==== DATA EXCERPTS ====

(* Let $L^n_{\mathbb{C}}$ be the set of all $A\in M_n(\mathbb{C})$ such that the Schur map $S_A(B)=A\circ B$ on $M_n(\mathbb{C})$ is nonzero and multiplicative, regarded as a group under the Schur product, and let $(L^n_{\mathbb{C}})^{+}$ be the subgroup of those $A\in L^n_{\mathbb{C}}$ that are positive matrices. Then $L^n_{\mathbb{C}}$ is a complex Lie group of complex dimension $n-1$, and $(L^n_{\mathbb{C}})^{+}$ is a compact Lie group isomorphic (as a topological group) to the $(n-1)$-torus $\mathbb{T}^{n-1}$.
   Context: $A\circ B=(a_{ij}b_{ij})$ is the entrywise product; multiplicative means $S_A(BC)=S_A(B)S_A(C)$. A positive matrix is a Hermitian matrix with nonnegative spectrum. $\mathbb{T}$ is the circle group of complex numbers of modulus one. The topology is the one inherited from $M_n(\mathbb{C})$. *)

From HB Require Import structures.
From mathcomp Require Import all_boot all_order all_algebra.
From mathcomp Require Import all_classical all_reals all_analysis.
From mathcomp Require Import complex.
Export numFieldNormedType.Exports.

Set Implicit Arguments.
Unset Strict Implicit.
Unset Printing Implicit Defensive.

Import Order.TTheory GRing.Theory Num.Theory.
Local Open Scope classical_set_scope.
Local Open Scope ring_scope.
Local Open Scope complex_scope.

(* Equip R[i] with its usual (modulus) metric topology, i.e. the one of the
   numFieldType R[i]; matrices 'M[R[i]]_(m,n) then carry the product
   topology = topology inherited from C^(m*n). *)
HB.instance Definition _ (R : realType) :=
  PseudoPointedMetric.copy R[i] (R[i])^o.

Section Defs.
Variable R : realType.
Local Notation C := (R[i]).

Definition schur (m n : nat) (A B : 'M[C]_(m, n)) : 'M[C]_(m, n) :=
  \matrix_(i, j) (A i j * B i j).

Definition schur_map_nonzero (n : nat) (A : 'M[C]_n) : Prop :=
  exists B : 'M[C]_n, schur A B <> 0.

Definition schur_map_multiplicative (n : nat) (A : 'M[C]_n) : Prop :=
  forall B D : 'M[C]_n, schur A (B *m D) = schur A B *m schur A D.

Definition Lset (n : nat) : set 'M[C]_n :=
  [set A | schur_map_nonzero A /\ schur_map_multiplicative A].

Definition adjmx (n : nat) (A : 'M[C]_n) : 'M[C]_n := \matrix_(i, j) (A j i)^*.

Definition positive_mx (n : nat) (A : 'M[C]_n) : Prop :=
  adjmx A = A /\ (forall l : C, eigenvalue A l -> 0 <= l).

Definition Lplus (n : nat) : set 'M[C]_n :=
  [set A | @Lset n A /\ positive_mx A].

(* (C^x)^m as a subset of row vectors, group law = entrywise product *)
Definition Cstar (m : nat) : set 'rV[C]_m :=
  [set z | forall j, z 0 j != 0].

Definition torus (m : nat) : set 'rV[C]_m :=
  [set z | forall j, `|z 0 j| = 1].

Definition rowmul (m : nat) (z w : 'rV[C]_m) : 'rV[C]_m :=
  \row_j (z 0 j * w 0 j).

End Defs.

Arguments Lset R n : clear implicits.
Arguments Lplus R n : clear implicits.
Arguments Cstar R m : clear implicits.
Arguments torus R m : clear implicits.

From HB Require Import structures.
From mathcomp Require Import all_boot all_order all_algebra.
From mathcomp Require Import all_classical all_reals all_analysis.
From mathcomp Require Import complex ring lra.
Import numFieldNormedType.Exports.
Import Order.TTheory GRing.Theory Num.Theory.
Local Open Scope classical_set_scope.
Local Open Scope ring_scope.
Local Open Scope complex_scope.
Set Implicit Arguments.
Unset Strict Implicit.
Unset Printing Implicit Defensive.

(* Testing multiplicativity of S_A on matrix units gives a_ij = a_ik a_kj.
   Such a cocycle that is not zero has unit diagonal, so a_ij = w_i / w_j
   with w = (1, a_10, ..., a_(n-1)0); conversely S_A is then conjugation by
   diag(w), hence multiplicative.  Thus z |-> (w_i / w_j)_ij, w = (1, z), is
   a polynomial-in-(z, 1/z) group isomorphism (C^x)^(n-1) -> L^n_C whose left
   inverse reads off the first column.  Such a matrix is Hermitian iff every
   |z_j| = 1, and it is then the rank-one matrix w w^*, with eigenvalues 0 and
   n; so (L^n_C)^+ is the homeomorphic image of the compact torus. *)

Section SchurCocycle.
Variables (R : realType) (n : nat).
Local Notation C := (R[i]).

Definition mx_cocycle (A : 'M[C]_n) := forall i k j, A i j = A i k * A k j.

Lemma schur_delta_mx (A : 'M[C]_n) i k :
  schur A (delta_mx i k) = A i k *: delta_mx i k.
Proof.
apply/matrixP => a b; rewrite !mxE.
by case: (a =P i) => [->|]; case: (b =P k) => [->|] /=; rewrite ?mulr1 ?mulr0.
Qed.

Lemma schur_multiplicative_cocycle (A : 'M[C]_n) :
  schur_map_multiplicative A -> mx_cocycle A.
Proof.
move=> HA i k j.
have := congr1 (fun M : 'M[C]_n => M i j) (HA (delta_mx i k) (delta_mx k j)).
rewrite mul_delta_mx !schur_delta_mx -scalemxAl -scalemxAr mul_delta_mx scalerA.
by rewrite !mxE !eqxx /= !mulr1 mulrC.
Qed.

Lemma schur_nonzero_entry (A : 'M[C]_n) :
  schur_map_nonzero A -> exists i j, A i j != 0.
Proof.
move=> [B AB]; apply/matrix0Pn; apply: contra_not_neq AB => ->.
by apply/matrixP => i j; rewrite !mxE mul0r.
Qed.

Lemma cocycle_diag (A : 'M[C]_n) i0 j0 :
  mx_cocycle A -> A i0 j0 != 0 -> forall k, A k k = 1.
Proof.
move=> cA Aij k.
have Ai0 : A i0 i0 = 1.
  by apply: (mulIf Aij); rewrite mul1r -cA.
by rewrite (cA k i0 k) mulrC -cA.
Qed.

Lemma cocycle_inv (A : 'M[C]_n) :
  mx_cocycle A -> (forall k, A k k = 1) -> forall i k, A i k * A k i = 1.
Proof. by move=> cA A1 i k; rewrite -cA. Qed.

End SchurCocycle.

Section UnitCircle.
Variable R : realType.

Lemma sqrt_sumsq_le_sum_norm (p q : R) : Num.sqrt (p ^+ 2 + q ^+ 2) <= `|p| + `|q|.
Proof.
have pq0 : 0 <= `|p| + `|q| by rewrite addr_ge0.
rewrite -(ger0_norm pq0) -sqrtr_sqr ler_sqrt ?sqr_ge0 //.
rewrite -(real_normK (num_real p)) -(real_normK (num_real q)).
by have := normr_ge0 p; have := normr_ge0 q; nra.
Qed.

Lemma complex_of_row2_continuous :
  continuous (fun v : 'rV[R]_2 => (v 0 0 +i* v 0 1) : R[i]).
Proof.
move=> v B /nbhs_ballP [e /= e0 He]; apply/nbhs_ballP.
move: e0; rewrite ltcE /= => /andP [/eqP Ime Ree].
exists (complex.Re e / 2); first by rewrite /= divr_gt0.
move=> w [_ vw]; apply: He.
have h0 : `|v 0 0 - w 0 0| < complex.Re e / 2 := vw 0 0.
have h1 : `|v 0 1 - w 0 1| < complex.Re e / 2 := vw 0 1.
change (`|(v 0 0 +i* v 0 1) - (w 0 0 +i* w 0 1)| < e).
rewrite ltcE normc_def /= Ime eqxx /=.
by apply: le_lt_trans (sqrt_sumsq_le_sum_norm _ _) _; lra.
Qed.

Lemma unit_circle_closed : closed [set x : R[i] | `|x| = 1].
Proof.
apply: (@preimage_closed _ _ (fun x : R[i] => `|x|) [set 1]).
  by move=> x _; exact: (@norm_continuous _ (R[i] : numFieldType) x).
apply: accessible_closed_set1; apply: hausdorff_accessible.
exact: (@norm_hausdorff _ (R[i] : numFieldType)).
Qed.

(* The circle is a closed subset of the image of the square [-1, 1]^2. *)
Lemma unit_circle_compact : compact [set x : R[i] | `|x| = 1].
Proof.
pose square := [set v : 'rV[R]_2 | forall i, (fun=> `[-1, 1]%classic) i (v ord0 i)].
have square_compact : compact square.
  by apply: rV_compact => i; exact: segment_compact.
have := continuous_compact (continuous_subspaceT complex_of_row2_continuous)
  square_compact.
move/(subclosed_compact unit_circle_closed); apply.
move=> [a b] /= ab1.
have ab2 : a ^+ 2 + b ^+ 2 = 1.
  by have := add_Re2_Im2 (a +i* b); rewrite ab1 expr1n => /(congr1 (@complex.Re R)).
exists (\row_(i < 2) [:: a; b]`_i); last by rewrite !mxE.
move=> i; rewrite mxE /= in_itv /=.
by case: i => [[|[|//]] ?] /=; apply/andP; split; nra.
Qed.

Lemma torus_compact m : compact (torus R m).
Proof. exact: (rV_compact (fun _ => unit_circle_compact)). Qed.

Lemma torus_Cstar m (z : 'rV[R[i]]_m) : torus R m z -> Cstar R m z.
Proof. by move=> z1 j; rewrite -normr_eq0 z1 oner_eq0. Qed.

End UnitCircle.

Section RatioMatrix.
Variables (R : realType) (m : nat).
Local Notation C := (R[i]).
Implicit Types (z w : 'rV[C]_m) (A : 'M[C]_m.+1).

Definition homog z (i : 'I_m.+1) : C :=
  if unlift ord0 i is Some j then z 0 j else 1.

Definition ratio_mx z : 'M[C]_m.+1 := \matrix_(i, j) (homog z i / homog z j).

Definition col0_below A : 'rV[C]_m := \row_j A (lift ord0 j) ord0.

Lemma homog0 z : homog z ord0 = 1.
Proof. by rewrite /homog unlift_none. Qed.

Lemma homog_lift z j : homog z (lift ord0 j) = z 0 j.
Proof. by rewrite /homog liftK. Qed.

Lemma homog_rowmul z w i : homog (rowmul z w) i = homog z i * homog w i.
Proof. by rewrite /homog; case: unlift => [j|]; rewrite ?mxE ?mulr1. Qed.

Lemma homog_neq0 z : Cstar R m z -> forall i, homog z i != 0.
Proof. by move=> z0 i; rewrite /homog; case: unlift => [j|]; rewrite ?oner_neq0. Qed.

Lemma homog_norm z : torus R m z -> forall i, `|homog z i| = 1.
Proof. by move=> z1 i; rewrite /homog; case: unlift => [j|]; rewrite ?normr1. Qed.

Lemma ratio_mxK : cancel ratio_mx col0_below.
Proof. by move=> z; apply/rowP => j; rewrite !mxE homog_lift homog0 invr1 mulr1. Qed.

Lemma ratio_mx_rowmul z w : ratio_mx (rowmul z w) = schur (ratio_mx z) (ratio_mx w).
Proof. by apply/matrixP => i j; rewrite !mxE !homog_rowmul invfM mulrACA. Qed.

Lemma ratio_mx_Lset z : Cstar R m z -> Lset R m.+1 (ratio_mx z).
Proof.
move=> z0; split.
  exists 1%:M => /matrixP /(_ ord0 ord0).
  by rewrite !mxE homog0 eqxx invr1 !mulr1 => /eqP; rewrite oner_eq0.
move=> B D; apply/matrixP => i j; rewrite !mxE mulr_sumr; apply: eq_bigr => k _.
rewrite !mxE; have := homog_neq0 z0 k; have := homog_neq0 z0 j => zj zk.
by field; rewrite zj zk.
Qed.

Lemma cocycle_ratio_mx A :
  mx_cocycle A -> (forall k, A k k = 1) ->
  Cstar R m (col0_below A) /\ ratio_mx (col0_below A) = A.
Proof.
move=> cA A1; have Ainv := cocycle_inv cA A1.
have A0_neq0 k : A k ord0 != 0.
  by apply: contra_eq_neq (Ainv k ord0) => ->; rewrite mul0r eq_sym oner_neq0.
have homogE i : homog (col0_below A) i = A i ord0.
  by rewrite /homog; case: unliftP => [k ->|->]; rewrite ?mxE ?A1.
split=> [j|]; first by rewrite mxE.
apply/matrixP => i j; rewrite mxE !homogE (cA i ord0 j); congr (_ * _).
by apply: (mulIf (A0_neq0 j)); rewrite mulVf // mulrC Ainv.
Qed.

Lemma Lset_ratio_mx A : Lset R m.+1 A -> exists2 z, Cstar R m z & ratio_mx z = A.
Proof.
move=> [/schur_nonzero_entry [i [j Aij]] /schur_multiplicative_cocycle cA].
have [z0 zA] := cocycle_ratio_mx cA (cocycle_diag cA Aij).
by exists (col0_below A).
Qed.

Lemma image_Cstar_ratio_mx : ratio_mx @` Cstar R m = Lset R m.+1.
Proof.
apply/seteqP; split => [_ [z z0 <-]|A LA]; first exact: ratio_mx_Lset.
by have [z z0 zA] := Lset_ratio_mx LA; exists z.
Qed.

Lemma homog_differentiable i z :
  differentiable (fun z : 'rV[C]_m => (homog z i : (C : numFieldType))) z.
Proof.
by rewrite /homog; case: unlift => [j|]; [exact: differentiable_coord | exact: differentiable_cst].
Qed.

Lemma ratio_mx_differentiable z : Cstar R m z -> differentiable ratio_mx z.
Proof.
move=> z0.
have -> : ratio_mx = \sum_i \sum_j
    (fun w => (homog w i / homog w j) *: (delta_mx i j : 'M[C]_m.+1)).
  apply/funext => w; rewrite {1}(matrix_sum_delta (ratio_mx w)) fct_sumE.
  by apply: eq_bigr => i _; rewrite fct_sumE; apply: eq_bigr => j _; rewrite mxE.
apply: differentiable_sum => i; apply: differentiable_sum => j; apply: differentiableZl.
exact: differentiableM (homog_differentiable i z)
  (differentiableV (homog_differentiable j z) (homog_neq0 z0 j)).
Qed.

Lemma col0_below_differentiable A : differentiable col0_below A.
Proof.
have -> : col0_below = \sum_i \sum_j
    (fun B : 'M[C]_m.+1 => B (lift ord0 j) ord0 *: (delta_mx i j : 'rV[C]_m)).
  apply/funext => B; rewrite {1}(matrix_sum_delta (col0_below B)) fct_sumE.
  by apply: eq_bigr => i _; rewrite fct_sumE; apply: eq_bigr => j _; rewrite mxE.
apply: differentiable_sum => i; apply: differentiable_sum => j.
exact/differentiableZl/differentiable_coord.
Qed.

Lemma ratio_mx_continuous_on_torus : {within torus R m, continuous ratio_mx}.
Proof.
rewrite continuous_subspace_in => z /set_mem z1.
apply: continuous_subspaceT_for => //.
exact: differentiable_continuous (ratio_mx_differentiable (torus_Cstar z1)).
Qed.

Lemma col0_below_continuous (S : set 'M[C]_m.+1) : {within S, continuous col0_below}.
Proof.
apply: continuous_subspaceT => A.
exact: differentiable_continuous (col0_below_differentiable A).
Qed.

(* With w := homog z, a left eigenvector v satisfies l v_j w_j = s for
   s = sum_i v_i w_i; summing over j gives l s = (m + 1) s. *)
Lemma ratio_mx_eigenvalue z l :
  Cstar R m z -> eigenvalue (ratio_mx z) l -> l = 0 \/ l = m.+1%:R.
Proof.
move=> z0 /eigenvalueP [v vA v0].
pose s := \sum_i v 0 i * homog z i.
have lvE j : l * v 0 j * homog z j = s.
  have := congr1 (fun M : 'rV_m.+1 => M 0 j) vA; rewrite !mxE => <-.
  rewrite mulr_suml; apply: eq_bigr => i _.
  by rewrite !mxE -!mulrA mulVf ?mulr1 ?homog_neq0.
have [s0|s_neq0] := eqVneq s 0.
  have /rV0Pn [j vj] := v0.
  left; move/eqP: (lvE j); rewrite s0 !mulf_eq0 (negbTE vj) (negbTE (homog_neq0 z0 j)).
  by rewrite !orbF => /eqP.
right; apply: (mulIf s_neq0); rewrite mulr_natl.
have -> : s *+ m.+1 = \sum_(j < m.+1) s by rewrite sumr_const card_ord.
by rewrite {1}/s mulr_sumr; apply: eq_bigr => j _; rewrite mulrA lvE.
Qed.

Lemma adjmx_ratio_mx z : torus R m z -> adjmx (ratio_mx z) = ratio_mx z.
Proof.
move=> z1; apply/matrixP => i j; rewrite !mxE.
have conjE k : (homog z k)^* = (homog z k)^-1.
  by rewrite invc_norm homog_norm // expr1n invr1 mul1r.
by rewrite rmorphM /= fmorphV /= !conjE invrK mulrC.
Qed.

Lemma ratio_mx_Lplus z : torus R m z -> Lplus R m.+1 (ratio_mx z).
Proof.
move=> z1; have z0 := torus_Cstar z1.
split; first exact: ratio_mx_Lset.
by split=> [|l /(ratio_mx_eigenvalue z0) [->|->] //]; exact: adjmx_ratio_mx.
Qed.

Lemma Lplus_ratio_mx A : Lplus R m.+1 A -> exists2 z, torus R m z & ratio_mx z = A.
Proof.
move=> [LA [AH _]]; have [z z0 zA] := Lset_ratio_mx LA; exists z => // j.
have := congr1 (fun M : 'M[C]_m.+1 => M (lift ord0 j) ord0) AH.
rewrite -zA !mxE homog_lift homog0 invr1 mulr1 mul1r => zjE.
have conj_zj : (z 0 j)^* = (z 0 j)^-1 by rewrite -{1}zjE conjcK.
have : `|z 0 j| ^+ 2 = 1 by rewrite sqr_normc conj_zj mulfV.
by move/eqP; rewrite sqrp_eq1 // => /eqP.
Qed.

Lemma image_torus_ratio_mx : ratio_mx @` torus R m = Lplus R m.+1.
Proof.
apply/seteqP; split => [_ [z z1 <-]|A PA]; first exact: ratio_mx_Lplus.
by have [z z1 zA] := Lplus_ratio_mx PA; exists z.
Qed.

End RatioMatrix.

Unset Implicit Arguments.

Theorem proposition3p3 (R : realType) (n : nat) (hn : (0 < n)%N) :
  (exists (f : 'rV[R[i]]_(n.-1) -> 'M[R[i]]_n) (g : 'M[R[i]]_n -> 'rV[R[i]]_(n.-1)),
      [/\ f @` Cstar R (n.-1) = Lset R n,
          {in Cstar R (n.-1) &, forall z w, f (rowmul z w) = schur (f z) (f w)},
          (forall z, Cstar R (n.-1) z -> differentiable f z),
          (forall A, Lset R n A -> differentiable g A)
        & (forall z, Cstar R (n.-1) z -> g (f z) = z)])
  /\
  (compact (Lplus R n) /\
   exists (h : 'rV[R[i]]_(n.-1) -> 'M[R[i]]_n) (k : 'M[R[i]]_n -> 'rV[R[i]]_(n.-1)),
      [/\ h @` torus R (n.-1) = Lplus R n,
          {in torus R (n.-1) &, forall z w, h (rowmul z w) = schur (h z) (h w)},
          {within torus R (n.-1), continuous h},
          {within Lplus R n, continuous k}
        & (forall z, torus R (n.-1) z -> k (h z) = z)]).
Proof.
case: n hn => [//|m] _ /=.
split.
  exists (@ratio_mx R m), (@col0_below R m); split.
  - exact: image_Cstar_ratio_mx.
  - by move=> z w _ _; exact: ratio_mx_rowmul.
  - by move=> z; exact: ratio_mx_differentiable.
  - by move=> A _; exact: col0_below_differentiable.
  - by move=> z _; exact: ratio_mxK.
split.
  rewrite -image_torus_ratio_mx.
  exact: continuous_compact (@ratio_mx_continuous_on_torus R m) (@torus_compact R m).
exists (@ratio_mx R m), (@col0_below R m); split.
- exact: image_torus_ratio_mx.
- by move=> z w _ _; exact: ratio_mx_rowmul.
- exact: ratio_mx_continuous_on_torus.
- exact: col0_below_continuous.
- by move=> z _; exact: ratio_mxK.
Qed.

====

= WHAT YOU NEED TO DO =
Among the records above, repeat exactly the line with "Lemma adjmx_ratio_mx z", the line with "have conj_zj : (z", and every line in between, and only those.

= EXERCISE OUTPUT =
Lemma adjmx_ratio_mx z : torus R m z -> adjmx (ratio_mx z) = ratio_mx z.
Proof.
move=> z1; apply/matrixP => i j; rewrite !mxE.
have conjE k : (homog z k)^* = (homog z k)^-1.
  by rewrite invc_norm homog_norm // expr1n invr1 mul1r.
by rewrite rmorphM /= fmorphV /= !conjE invrK mulrC.
Qed.

Lemma ratio_mx_Lplus z : torus R m z -> Lplus R m.+1 (ratio_mx z).
Proof.
move=> z1; have z0 := torus_Cstar z1.
split; first exact: ratio_mx_Lset.
by split=> [|l /(ratio_mx_eigenvalue z0) [->|->] //]; exact: adjmx_ratio_mx.
Qed.

Lemma Lplus_ratio_mx A : Lplus R m.+1 A -> exists2 z, torus R m z & ratio_mx z = A.
Proof.
move=> [LA [AH _]]; have [z z0 zA] := Lset_ratio_mx LA; exists z => // j.
have := congr1 (fun M : 'M[C]_m.+1 => M (lift ord0 j) ord0) AH.
rewrite -zA !mxE homog_lift homog0 invr1 mulr1 mul1r => zjE.
have conj_zj : (z 0 j)^* = (z 0 j)^-1 by rewrite -{1}zjE conjcK.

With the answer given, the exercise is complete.